%%
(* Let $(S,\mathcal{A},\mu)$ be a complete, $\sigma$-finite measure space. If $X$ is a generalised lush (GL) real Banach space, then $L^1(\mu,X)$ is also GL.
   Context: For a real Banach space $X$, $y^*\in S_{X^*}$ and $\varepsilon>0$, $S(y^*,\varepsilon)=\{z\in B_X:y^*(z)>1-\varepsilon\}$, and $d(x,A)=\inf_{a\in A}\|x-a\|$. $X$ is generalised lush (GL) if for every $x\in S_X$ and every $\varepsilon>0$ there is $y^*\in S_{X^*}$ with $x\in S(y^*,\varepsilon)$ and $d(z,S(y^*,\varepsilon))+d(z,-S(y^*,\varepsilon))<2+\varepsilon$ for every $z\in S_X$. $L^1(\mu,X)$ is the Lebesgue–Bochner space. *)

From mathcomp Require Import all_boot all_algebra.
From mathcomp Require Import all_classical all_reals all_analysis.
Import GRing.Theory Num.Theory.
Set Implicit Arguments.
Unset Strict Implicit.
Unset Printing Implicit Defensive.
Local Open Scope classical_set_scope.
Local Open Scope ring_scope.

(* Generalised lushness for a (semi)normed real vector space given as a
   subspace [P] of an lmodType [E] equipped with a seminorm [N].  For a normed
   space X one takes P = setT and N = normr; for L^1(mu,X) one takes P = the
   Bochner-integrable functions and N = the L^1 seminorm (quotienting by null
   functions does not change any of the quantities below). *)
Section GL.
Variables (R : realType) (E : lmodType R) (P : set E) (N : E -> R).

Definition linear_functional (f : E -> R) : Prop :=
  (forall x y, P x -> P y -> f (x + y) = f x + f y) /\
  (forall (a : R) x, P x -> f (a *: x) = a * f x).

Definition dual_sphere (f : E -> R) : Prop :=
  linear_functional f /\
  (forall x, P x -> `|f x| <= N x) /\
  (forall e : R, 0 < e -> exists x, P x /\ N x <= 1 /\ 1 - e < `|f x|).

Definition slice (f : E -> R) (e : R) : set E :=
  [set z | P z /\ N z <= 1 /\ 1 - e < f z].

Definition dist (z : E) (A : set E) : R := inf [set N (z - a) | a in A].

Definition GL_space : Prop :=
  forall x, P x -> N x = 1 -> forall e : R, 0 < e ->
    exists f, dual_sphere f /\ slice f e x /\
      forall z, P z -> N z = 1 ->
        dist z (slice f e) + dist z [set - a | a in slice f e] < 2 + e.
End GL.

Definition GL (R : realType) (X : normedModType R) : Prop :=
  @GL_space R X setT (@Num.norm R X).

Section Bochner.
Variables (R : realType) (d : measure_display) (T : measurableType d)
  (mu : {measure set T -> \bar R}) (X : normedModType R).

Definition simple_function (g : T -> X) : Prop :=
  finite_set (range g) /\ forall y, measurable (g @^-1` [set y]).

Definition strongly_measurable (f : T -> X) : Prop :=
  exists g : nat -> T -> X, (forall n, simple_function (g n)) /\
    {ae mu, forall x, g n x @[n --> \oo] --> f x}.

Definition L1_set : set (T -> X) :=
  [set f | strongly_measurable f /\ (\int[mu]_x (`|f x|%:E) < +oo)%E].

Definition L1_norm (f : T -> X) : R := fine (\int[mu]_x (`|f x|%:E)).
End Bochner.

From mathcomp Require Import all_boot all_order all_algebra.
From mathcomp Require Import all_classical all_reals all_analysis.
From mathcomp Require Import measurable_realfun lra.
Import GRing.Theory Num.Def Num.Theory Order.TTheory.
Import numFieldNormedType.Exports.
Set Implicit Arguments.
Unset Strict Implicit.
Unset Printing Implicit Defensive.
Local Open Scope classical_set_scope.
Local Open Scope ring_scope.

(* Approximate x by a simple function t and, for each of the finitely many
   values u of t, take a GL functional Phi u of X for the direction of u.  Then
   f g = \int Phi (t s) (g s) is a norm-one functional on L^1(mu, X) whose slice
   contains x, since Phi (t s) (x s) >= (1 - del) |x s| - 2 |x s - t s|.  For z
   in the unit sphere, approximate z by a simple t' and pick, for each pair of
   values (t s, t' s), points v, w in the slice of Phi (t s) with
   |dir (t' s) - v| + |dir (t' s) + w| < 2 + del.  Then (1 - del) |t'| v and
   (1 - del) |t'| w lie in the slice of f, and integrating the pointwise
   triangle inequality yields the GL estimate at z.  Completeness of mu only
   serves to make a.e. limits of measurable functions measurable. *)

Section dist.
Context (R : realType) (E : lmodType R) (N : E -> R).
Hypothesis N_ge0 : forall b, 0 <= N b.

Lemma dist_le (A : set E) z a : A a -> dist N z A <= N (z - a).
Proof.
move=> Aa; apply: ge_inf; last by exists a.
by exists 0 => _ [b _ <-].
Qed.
%%
%%
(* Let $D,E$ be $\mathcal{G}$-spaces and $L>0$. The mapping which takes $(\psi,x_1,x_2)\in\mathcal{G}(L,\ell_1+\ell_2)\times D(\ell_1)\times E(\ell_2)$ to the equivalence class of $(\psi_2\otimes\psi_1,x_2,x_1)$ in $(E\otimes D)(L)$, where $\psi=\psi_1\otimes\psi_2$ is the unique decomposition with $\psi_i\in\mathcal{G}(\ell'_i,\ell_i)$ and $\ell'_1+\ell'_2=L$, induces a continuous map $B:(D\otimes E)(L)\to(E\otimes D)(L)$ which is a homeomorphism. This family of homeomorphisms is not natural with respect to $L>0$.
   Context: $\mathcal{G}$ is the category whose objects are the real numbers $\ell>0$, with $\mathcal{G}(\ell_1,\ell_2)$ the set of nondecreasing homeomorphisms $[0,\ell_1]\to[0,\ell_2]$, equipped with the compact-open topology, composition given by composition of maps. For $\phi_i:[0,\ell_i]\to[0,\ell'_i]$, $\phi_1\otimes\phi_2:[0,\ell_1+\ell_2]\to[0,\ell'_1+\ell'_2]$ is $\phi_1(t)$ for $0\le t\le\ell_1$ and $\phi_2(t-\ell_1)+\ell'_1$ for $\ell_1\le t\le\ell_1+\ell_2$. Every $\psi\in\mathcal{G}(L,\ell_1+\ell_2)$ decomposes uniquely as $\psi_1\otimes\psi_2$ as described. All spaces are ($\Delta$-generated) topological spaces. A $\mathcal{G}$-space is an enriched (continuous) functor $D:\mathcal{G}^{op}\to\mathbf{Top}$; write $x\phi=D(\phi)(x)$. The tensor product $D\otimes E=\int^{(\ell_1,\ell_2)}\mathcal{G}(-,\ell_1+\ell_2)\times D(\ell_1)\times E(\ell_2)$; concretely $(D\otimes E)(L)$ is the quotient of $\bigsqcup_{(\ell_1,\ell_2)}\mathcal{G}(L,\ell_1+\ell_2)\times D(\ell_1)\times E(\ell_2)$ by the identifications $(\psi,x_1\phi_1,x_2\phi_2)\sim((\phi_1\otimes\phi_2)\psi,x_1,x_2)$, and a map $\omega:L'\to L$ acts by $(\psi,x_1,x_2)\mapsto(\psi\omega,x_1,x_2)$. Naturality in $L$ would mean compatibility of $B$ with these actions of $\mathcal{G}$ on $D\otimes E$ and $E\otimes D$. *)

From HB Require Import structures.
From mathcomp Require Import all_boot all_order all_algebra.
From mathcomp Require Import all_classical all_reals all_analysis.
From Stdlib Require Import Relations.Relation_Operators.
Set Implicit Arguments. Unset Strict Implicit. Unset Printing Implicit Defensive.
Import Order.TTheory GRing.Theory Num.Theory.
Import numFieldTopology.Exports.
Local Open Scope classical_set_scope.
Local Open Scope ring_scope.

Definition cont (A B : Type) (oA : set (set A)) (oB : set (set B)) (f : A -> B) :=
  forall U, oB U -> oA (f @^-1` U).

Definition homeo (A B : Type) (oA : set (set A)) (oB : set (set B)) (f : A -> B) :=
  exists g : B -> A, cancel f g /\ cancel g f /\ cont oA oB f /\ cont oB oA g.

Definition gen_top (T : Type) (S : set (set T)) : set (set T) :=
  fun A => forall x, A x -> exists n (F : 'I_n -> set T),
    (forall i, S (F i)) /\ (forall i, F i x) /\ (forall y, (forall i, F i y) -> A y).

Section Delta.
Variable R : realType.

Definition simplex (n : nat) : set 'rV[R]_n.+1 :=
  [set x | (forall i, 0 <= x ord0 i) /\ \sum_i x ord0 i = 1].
%%
## REQUIREMENT
Identify the lines in the entries above that contain "Theory", then copy them out.

## SOLUTION TO THIS EXERCISE
Import GRing.Theory Num.Theory.
Import GRing.Theory Num.Def Num.Theory Order.TTheory.
Import Order.TTheory GRing.Theory Num.Theory.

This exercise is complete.